Marković Dimitrije, Kiebel Stefan J
Department of Psychology, Technische Universität Dresden Dresden, Germany.
Front Comput Neurosci. 2016 Apr 20;10:33. doi: 10.3389/fncom.2016.00033. eCollection 2016.
Probabilistic models of decision making under various forms of uncertainty have been applied in recent years to numerous behavioral and model-based fMRI studies. These studies were highly successful in enabling a better understanding of behavior and delineating the functional properties of brain areas involved in decision making under uncertainty. However, as different studies considered different models of decision making under uncertainty, it is unclear which of these computational models provides the best account of the observed behavioral and neuroimaging data. This is an important issue, as not performing model comparison may tempt researchers to over-interpret results based on a single model. Here we describe how in practice one can compare different behavioral models and test the accuracy of model comparison and parameter estimation of Bayesian and maximum-likelihood based methods. We focus our analysis on two well-established hierarchical probabilistic models that aim at capturing the evolution of beliefs in changing environments: Hierarchical Gaussian Filters and Change Point Models. To our knowledge, these two, well-established models have never been compared on the same data. We demonstrate, using simulated behavioral experiments, that one can accurately disambiguate between these two models, and accurately infer free model parameters and hidden belief trajectories (e.g., posterior expectations, posterior uncertainties, and prediction errors) even when using noisy and highly correlated behavioral measurements. Importantly, we found several advantages of Bayesian inference and Bayesian model comparison compared to often-used Maximum-Likelihood schemes combined with the Bayesian Information Criterion. These results stress the relevance of Bayesian data analysis for model-based neuroimaging studies that investigate human decision making under uncertainty.

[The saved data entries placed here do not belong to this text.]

Lemma prime_divisor_exists n : 2 <= n -> exists p, prime p /\ (p | n).
Proof.
  intros Hn. assert (H0 : 0 <= n) by lia. revert Hn; pattern n.
  apply Z_lt_induction; [|exact H0]. clear n H0; intros n IH Hn.
  destruct (prime_dec n) as [Hp|Hp]; [exists n; split; auto; apply Z.divide_refl|].
  destruct (not_prime_divide n) as [d [Hd Hdn]]; auto; [lia|].
  destruct (IH d) as [p [Hp' Hpd]]; try lia.
  exists p; split; auto. eapply Z.divide_trans; eauto.
Qed.

Lemma prime_power_split p n : prime p -> 1 <= n ->
  exists e b, n = p ^ Z.of_nat e * b /\ 1 <= b /\ ~ (p | b).
Proof.
  intros Hp Hn. pose proof (prime_ge_2 _ Hp). assert (H0 : 0 <= n) by lia. revert Hn; pattern n.
  apply Z_lt_induction; [|exact H0]. clear n H0; intros n IH Hn.
  destruct (classic (p | n)) as [[m Hm]|Hpn];
    [|exists 0%nat, n; split; [rewrite Z.pow_0_r; ring|auto]].
  destruct (IH m) as [e [b [Eb [Hb Hpb]]]]; try nia.
  exists (S e), b; repeat split; auto.
  rewrite Hm, Eb, Nat2Z.inj_succ, Z.pow_succ_r by lia. ring.
Qed.

Definition Zp (s : {p : Z | prime p}) : TopAb :=
  Zadic (proj1_sig s) (prime_ge_2 _ (proj2_sig s)).

Lemma top_iso_Zadic_Zp_prod n (Hn : 2 <= n) : exists ps, top_iso (Zadic n Hn) (bigprod (map Zp ps)).
Proof.
  assert (H0 : 0 <= n) by lia. revert Hn; pattern n.
  apply Z_lt_induction; [|exact H0]. clear n H0; intros n IH Hn.
  destruct (prime_divisor_exists n Hn) as [p [Hp Hpn]].
  pose proof (prime_ge_2 _ Hp).
  destruct (prime_power_split p n Hp ltac:(lia)) as [e [b [Eb [Hb Hpb]]]].
  assert (He : (1 <= e)%nat).
  { destruct e; [|lia]. rewrite Eb, Z.pow_0_r, Z.mul_1_l in Hpn; contradiction. }
  assert (Hpe : 2 <= p ^ Z.of_nat e).
  { apply Z.le_trans with (p ^ 1); [lia|]. apply Z.pow_le_mono_r; lia. }
  set (s := exist (fun p => prime p) p Hp).
  assert (Is : top_iso (Zadic (p ^ Z.of_nat e) Hpe) (Zp s)).
  { eapply top_iso_trans; [apply (top_iso_Zadic_pow p e H He Hpe)|].
    apply top_iso_Zadic_eq; reflexivity. }
  destruct (Z.eq_dec b 1) as [Hb1|Hb1].
  - exists (s :: nil).
    eapply top_iso_trans; [apply (top_iso_Zadic_eq n _ Hn Hpe); rewrite Eb, Hb1; ring|].
    eapply top_iso_trans; [exact Is|].
    apply top_iso_sym, top_iso_prod_unit, open_local_Zadic.
  - assert (Hb2 : 2 <= b) by lia.
    destruct (IH b ltac:(nia) Hb2) as [ps Hps]. exists (s :: ps).
    assert (Hrp : rel_prime (p ^ Z.of_nat e) b).
    { apply rel_prime_sym, rel_prime_Zpower_r; [lia|].
      apply rel_prime_sym, prime_rel_prime; auto. }
    assert (Hn' : 2 <= p ^ Z.of_nat e * b) by nia.
    eapply top_iso_trans; [apply (top_iso_Zadic_eq n _ Hn Hn' Eb)|].
    eapply top_iso_trans; [apply (top_iso_Zadic_mul _ _ Hpe Hb2 Hrp Hn')|].
    apply top_iso_prod; auto.
Qed.

Close Scope Z_scope.

(** * Torsion-free adic groups *)

Lemma tmuln_injective_finite_trivial (A : TopAb) :
  is_abgroup A -> finite_car A -> tmuln_injective A -> forall x : A, x = tzero.
Proof.
  intros HA [l Hl] Hinj x.
  set (N := length l). set (f := fun i => tmuln A i x).
  assert (Hrep : exists i j, (i < j <= N)%nat /\ f i = f j).
  { apply NNPP; intros Hno.
    assert (ND : NoDup (map f (seq 0 (S N)))).
    { apply NoDup_map_NoDup_ForallPairs; [|apply seq_NoDup].
      intros i j Hi Hj E. apply in_seq in Hi; apply in_seq in Hj.
      destruct (Nat.lt_total i j) as [H|[H|H]]; auto;
        exfalso; apply Hno; [exists i, j|exists j, i]; split; auto; lia. }
    apply NoDup_incl_length with (l' := l) in ND; [|intros y _; apply Hl].
    rewrite length_map, length_seq in ND. unfold N in ND; lia. }
  destruct Hrep as [i [j [Hij E]]].
  assert (Hd : tmuln A (j - i) x = tzero).
  { apply (tadd_cancel_l A HA (tmuln A i x)). rewrite (tadd_0r A HA), <- (tmulnDn A HA).
    replace (i + (j - i))%nat with j by lia. symmetry; exact E. }
  apply (Hinj (j - i)%nat); [lia|]. rewrite Hd, (tmuln_zero A HA); auto.
Qed.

近年来,各种不确定性形式下的概率决策模型已被应用于众多行为学和基于模型的功能磁共振成像(fMRI)研究中。这些研究在更好地理解行为以及描绘不确定性决策中涉及的脑区功能特性方面取得了巨大成功。然而,由于不同的研究考虑了不同的不确定性决策模型,目前尚不清楚这些计算模型中哪一个能最好地解释所观察到的行为和神经成像数据。这是一个重要问题,因为不进行模型比较可能会诱使研究人员基于单一模型过度解读结果。在这里,我们描述了在实践中如何比较不同的行为模型,并测试基于贝叶斯和最大似然法的模型比较及参数估计的准确性。我们将分析重点放在两个成熟的分层概率模型上,它们旨在捕捉不断变化环境中信念的演变:分层高斯滤波器和变点模型。据我们所知,这两个成熟的模型从未在相同数据上进行过比较。我们通过模拟行为实验证明,即使使用有噪声且高度相关的行为测量数据,也能准确地区分这两个模型,并准确推断自由模型参数和隐藏的信念轨迹(例如后验期望、后验不确定性和预测误差)。重要的是,我们发现与常用的结合贝叶斯信息准则的最大似然法相比,贝叶斯推理和贝叶斯模型比较具有几个优势。这些结果强调了贝叶斯数据分析对于基于模型的神经成像研究的相关性,这类研究旨在探究不确定性下的人类决策。